Data for processing below:
(* Let $(z_n)_{n\ge0}$ be a homogeneous Markov chain on $\mathbb{Z}_+^k$ satisfying assumptions (A1) and (A2) below, with associated maps $p_w$ and distribution process $(x_n)$. Let $K\subset S_k$ be compact. If $$\lambda=\inf_{x\in K}\sum_w p_w(x)\,\alpha(w)>0,$$ then almost surely on the event $\{L(\{x_n\}_{n\ge0})\subset K\}\cap\{\lim_{n\to\infty}|z_n|=\infty\}$ we have $\liminf_{n\to\infty}\frac{|z_n|}{n}\ge\lambda$.
   Context: Fix integers $k\ge1$, $m\ge1$. For $w\in\mathbb{Z}^k$, $|w|=\sum_i|w^i|$, $\alpha(w)=\sum_iw^i$; sums over $w$ range over $w\in\mathbb{Z}^k$ with $|w|\le m$. $\mathbb{Z}_+^k=\{z\in\mathbb{Z}^k:z^i\ge0\}$, $S_k=\{x\in\mathbb{R}^k:x^i\ge0,\sum_ix^i=1\}$. $(z_n)$ has transition kernel $\Pi(z,z')=P[z_{n+1}=z'\mid z_n=z]$; $x_n=z_n/|z_n|$ if $z_n\ne0$, else $x_n=0$. (A1) $|z_{n+1}-z_n|\le m$ for all $n$. (A2) There exist Lipschitz maps $p_w:S_k\to[0,1]$ ($|w|\le m$) and $a>0$ with $|p_w(z/|z|)-\Pi(z,z+w)|\le a/|z|$ for all nonzero $z\in\mathbb{Z}_+^k$, $|w|\le m$. $L(\{x_n\})$ is the set of limit points of $(x_n)$. *)

From HB Require Import structures.
From mathcomp Require Import all_boot all_order all_algebra.
From mathcomp Require Import all_classical all_reals all_analysis.
Set Implicit Arguments. Unset Strict Implicit. Unset Printing Implicit Defensive.
Import Order.TTheory GRing.Theory Num.Theory.
Import numFieldNormedType.Exports.
Local Open Scope classical_set_scope.
Local Open Scope ring_scope.

Definition zvec (k : nat) := {ffun 'I_k -> int}.

Definition norm1 (k : nat) (w : zvec k) : nat := (\sum_(i < k) `|w i|)%N.

Definition alpha (k : nat) (w : zvec k) : int := \sum_(i < k) w i.

Definition nonneg_vec (k : nat) (z : zvec k) : Prop := forall i, (0 <= z i)%R.

Definition zadd (k : nat) (z w : zvec k) : zvec k := [ffun i => z i + w i].
Definition zsub (k : nat) (z w : zvec k) : zvec k := [ffun i => z i - w i].

Definition simplex (R : realType) (k : nat) : set 'rV[R]_k :=
  [set x | (forall i, 0 <= x ord0 i) /\ \sum_(i < k) x ord0 i = 1].

(* l1 distance on R^k (all norms on R^k are equivalent). *)
Definition dist1 (R : realType) (k : nat) (x y : 'rV[R]_k) : R :=
  \sum_(i < k) `|x ord0 i - y ord0 i|.

Definition distr_vec (R : realType) (k : nat) (z : zvec k) : 'rV[R]_k :=
  if norm1 z == 0%N then 0 else \row_i ((z i)%:~R / (norm1 z)%:R).

(* Enumeration of {w in Z^k : |w| <= m}: a function f : 'I_k -> 'I_(2m+1)
   encodes w^i = f i - m; we then restrict to |w| <= m. *)
Definition wdecode (k m : nat) (f : {ffun 'I_k -> 'I_(2 * m + 1)}) : zvec k :=
  [ffun i => (nat_of_ord (f i))%:Z - m%:Z].

Definition sum_w (R : realType) (k m : nat) (F : zvec k -> R) : R :=
  \sum_(f : {ffun 'I_k -> 'I_(2 * m + 1)} | (norm1 (wdecode f) <= m)%N)
     F (wdecode f).

Definition limit_points (R : realType) (k : nat) (u : nat -> 'rV[R]_k)
  : set 'rV[R]_k :=
  [set y | forall e : R, 0 < e -> forall N : nat,
      exists n : nat, (N <= n)%N /\ `|u n - y| < e].

Definition markov_chain (d : measure_display) (Omega : measurableType d)
  (R : realType) (P : probability Omega R) (k : nat)
  (z : nat -> Omega -> zvec k) (Pi : zvec k -> zvec k -> R) : Prop :=
  forall (n : nat) (s : 'I_n.+1 -> zvec k) (s' : zvec k),
    P [set om | (forall i : 'I_n.+1, z i om = s i) /\ z n.+1 om = s']
    = ((Pi (s ord_max) s')%:E * P [set om | forall i : 'I_n.+1, z i om = s i])%E.

Arguments simplex R k : clear implicits.
Arguments distr_vec R {k} z.

(* Let mu(s) = sum_w Pi(s, s + w) alpha(w) and
   S_n = sum_(i < n) (alpha(z_(i+1) - z_i) - mu(z_i)), so that
   |z_n| = alpha(z_n) = alpha(z_0) + sum_(i < n) mu(z_i) + S_n.
   The increments of S_n are bounded by 2m and centred given the past, so a
   Hoeffding estimate of E[exp(-th S_n)], summed over all admissible walks of
   length n, gives P(S_n <= -n eps) <= r^n with r < 1; by Borel-Cantelli,
   almost surely S_n > -n eps eventually, for every eps > 0 and every start.
   By (A2), mu(z) >= g(z/|z|) - C/|z| with g(x) = sum_w p_w(x) alpha(w), and g
   is Lipschitz on S_k; as x_n eventually stays close to K and |z_n| -> oo,
   mu(z_n) >= lambda - eta eventually, and dividing by n gives the claim. *)

From HB Require Import structures.
From mathcomp Require Import all_boot all_order all_algebra.
From mathcomp Require Import all_classical all_reals all_analysis.
From mathcomp Require Import zify ring lra.
Import Order.TTheory GRing.Theory Num.Theory.
Import numFieldNormedType.Exports.
Local Open Scope classical_set_scope.
Local Open Scope ring_scope.
Set Implicit Arguments. Unset Strict Implicit. Unset Printing Implicit Defensive.

Section Walks.
Variables (k m : nat).
Local Notation code := {ffun 'I_k -> 'I_(2 * m + 1)}.

Definition admissible (f : code) : bool := (norm1 (wdecode f) <= m)%N.

Definition admissible_codes : seq code := [seq f <- enum code | admissible f].

Lemma sum_wE (R : realType) (F : zvec k -> R) :
  sum_w m F = \sum_(f <- admissible_codes) F (wdecode f).
Proof. by rewrite /sum_w /admissible_codes big_filter big_enum_cond. Qed.

Lemma mem_admissible_codes (f : code) : (f \in admissible_codes) = admissible f.
Proof. by rewrite mem_filter mem_enum andbT. Qed.

Lemma uniq_admissible_codes : uniq admissible_codes.
Proof. exact/filter_uniq/enum_uniq. Qed.

Fixpoint walk_end (s : zvec k) (q : seq code) : zvec k :=
  if q is f :: q' then walk_end (zadd s (wdecode f)) q' else s.

Lemma walk_end_rcons s q f : walk_end s (rcons q f) = zadd (walk_end s q) (wdecode f).
Proof. by elim: q s => //= g q IH s; rewrite IH. Qed.

Fixpoint walks (n : nat) : seq (seq code) :=
  if n is n'.+1 then [seq rcons q f | q <- walks n', f <- admissible_codes]
  else [:: [::]].

Lemma mem_walks n q : size q = n -> all admissible q -> q \in walks n.
Proof.
elim: n q => [|n IH] q; first by case: q.
case/lastP: q => [//|q f]; rewrite size_rcons all_rcons => -[sq] /andP[fa qa].
by apply: allpairs_f; [exact: IH | rewrite mem_admissible_codes].
Qed.

Lemma absz_le_norm1 (v : zvec k) i : (absz (v i) <= norm1 v)%N.
Proof. by rewrite /norm1 (bigD1 i) //= leq_addr. Qed.

Lemma wdecode_inj : injective (@wdecode k m).
Proof.
move=> f g /ffunP fg; apply/ffunP => i; have := fg i; rewrite !ffunE => e.
by apply: val_inj => /=; lia.
Qed.

Definition encode (v : zvec k) : code :=
  [ffun i => insubd (Ordinal (ltn_addl (2 * m) (ltnSn 0)))
                    (absz (v i + m%:Z)%R)].

Lemma encodeK v : (norm1 v <= m)%N -> wdecode (encode v) = v.
Proof.
move=> vm; apply/ffunP => i; rewrite !ffunE val_insubd.
have := absz_le_norm1 v i; move: (v i) => x xv.
have xm : (absz x <= m)%N by apply: leq_trans vm.
have -> : (absz (x + m%:Z)%R < 2 * m + 1)%N by lia.
lia.
Qed.

Lemma admissible_encode v : (norm1 v <= m)%N -> admissible (encode v).
Proof. by move=> vm; rewrite /admissible encodeK. Qed.

End Walks.

Section ExponentialMoment.
Variable R : realType.

Lemma expR_le_quadratic (y : R) : `|y| <= 2^-1 -> expR y <= 1 + y + 2 * y ^+ 2.
Proof.
rewrite ler_norml => /andP[ylo yhi].
have ey0 := expR_gt0 y.
have eyy : expR y * (1 - y) <= 1.
  by have := expR_ge1Dx (- y); rewrite expRN -(ler_pM2l ey0) mulfV ?gt_eqF.
have : 1 <= (1 - y) * (1 + y + 2 * y ^+ 2).
  have : 0 <= y ^+ 2 * (1 - 2 * y) by apply: mulr_ge0; [exact: sqr_ge0 | lra].
  rewrite expr2; nra.
rewrite expr2; nra.
Qed.

Lemma expR_centered_le (th M x : R) : 0 <= th -> 4 * th * M <= 1 ->
  `|x| <= 2 * M -> expR (- th * x) <= 1 - th * x + 8 * th ^+ 2 * M ^+ 2.
Proof.
move=> th0 thM xM; have x0 := normr_ge0 x.
have small : `|- th * x| <= 2^-1 by rewrite normrM normrN (ger0_norm th0); nra.
apply: le_trans (expR_le_quadratic small) _.
have x2 : x ^+ 2 <= 4 * M ^+ 2 by rewrite -real_normK ?num_real // !expr2; nra.
have := ler_wpM2l (sqr_ge0 th) x2; rewrite !expr2; nra.
Qed.

Lemma sum_expR_centered_le (I : eqType) (r : seq I) (q a : I -> R) (M th : R) :
  (forall i, 0 <= q i) -> \sum_(i <- r) q i <= 1 ->
  (forall i, i \in r -> `|a i| <= M) -> 0 <= M -> 0 <= th -> 4 * th * M <= 1 ->
  \sum_(i <- r) q i * expR (- th * (a i - \sum_(j <- r) q j * a j))
    <= 1 + 8 * th ^+ 2 * M ^+ 2.
Proof.
move=> q0 Q1 aM M0 th0 thM.
set mu := \sum_(j <- r) q j * a j; set Q := \sum_(j <- r) q j in Q1 *.
set c := 8 * th ^+ 2 * M ^+ 2.
have Q0 : 0 <= Q by exact: sumr_ge0.
have c0 : 0 <= c by rewrite /c !expr2; nra.
have muM : `|mu| <= M.
  apply: le_trans (ler_norm_sum _ _ _) _.
  apply: le_trans (_ : _ <= Q * M) _; last by rewrite -[leRHS]mul1r ler_wpM2r.
  rewrite /Q mulr_suml big_seq_cond [leRHS]big_seq_cond.
  by apply: ler_sum => i /andP[ir _]; rewrite normrM ger0_norm // ler_wpM2l // aM.
apply: le_trans (_ : _ <= \sum_(i <- r) q i * (1 - th * (a i - mu) + c)) _.
  rewrite big_seq_cond [leRHS]big_seq_cond; apply: ler_sum => i /andP[ir _].
  apply/ler_wpM2l/expR_centered_le => //.
  by apply: le_trans (ler_normB _ _) _; have := aM i ir; lra.
rewrite (eq_bigr (fun i => q i * (1 + c) - th * (q i * a i) + th * mu * q i));
  last by move=> i _; ring.
rewrite !big_split /= sumrN -!mulr_suml -!mulr_sumr -/mu -/Q.
have : - th * mu * (1 - Q) <= th * M * (1 - Q).
  apply: ler_wpM2r; first lra.
  rewrite mulNr -mulrN; apply: ler_wpM2l => //.
  by rewrite -normrN in muM; apply: le_trans (ler_norm _) muM.
have : th * M * (1 - Q) <= 1 - Q by rewrite -[leRHS]mul1r ler_wpM2r; lra.
have : Q * c <= c by rewrite -[leRHS]mul1r ler_wpM2r.
nra.
Qed.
End of Data for processing.
### Aim of the exercise
If a line in the entries above has the word "ffunP", copy it.

### Result for this task
move=> f g /ffunP fg; apply/ffunP => i; have := fg i; rewrite !ffunE => e.
move=> vm; apply/ffunP => i; rewrite !ffunE val_insubd.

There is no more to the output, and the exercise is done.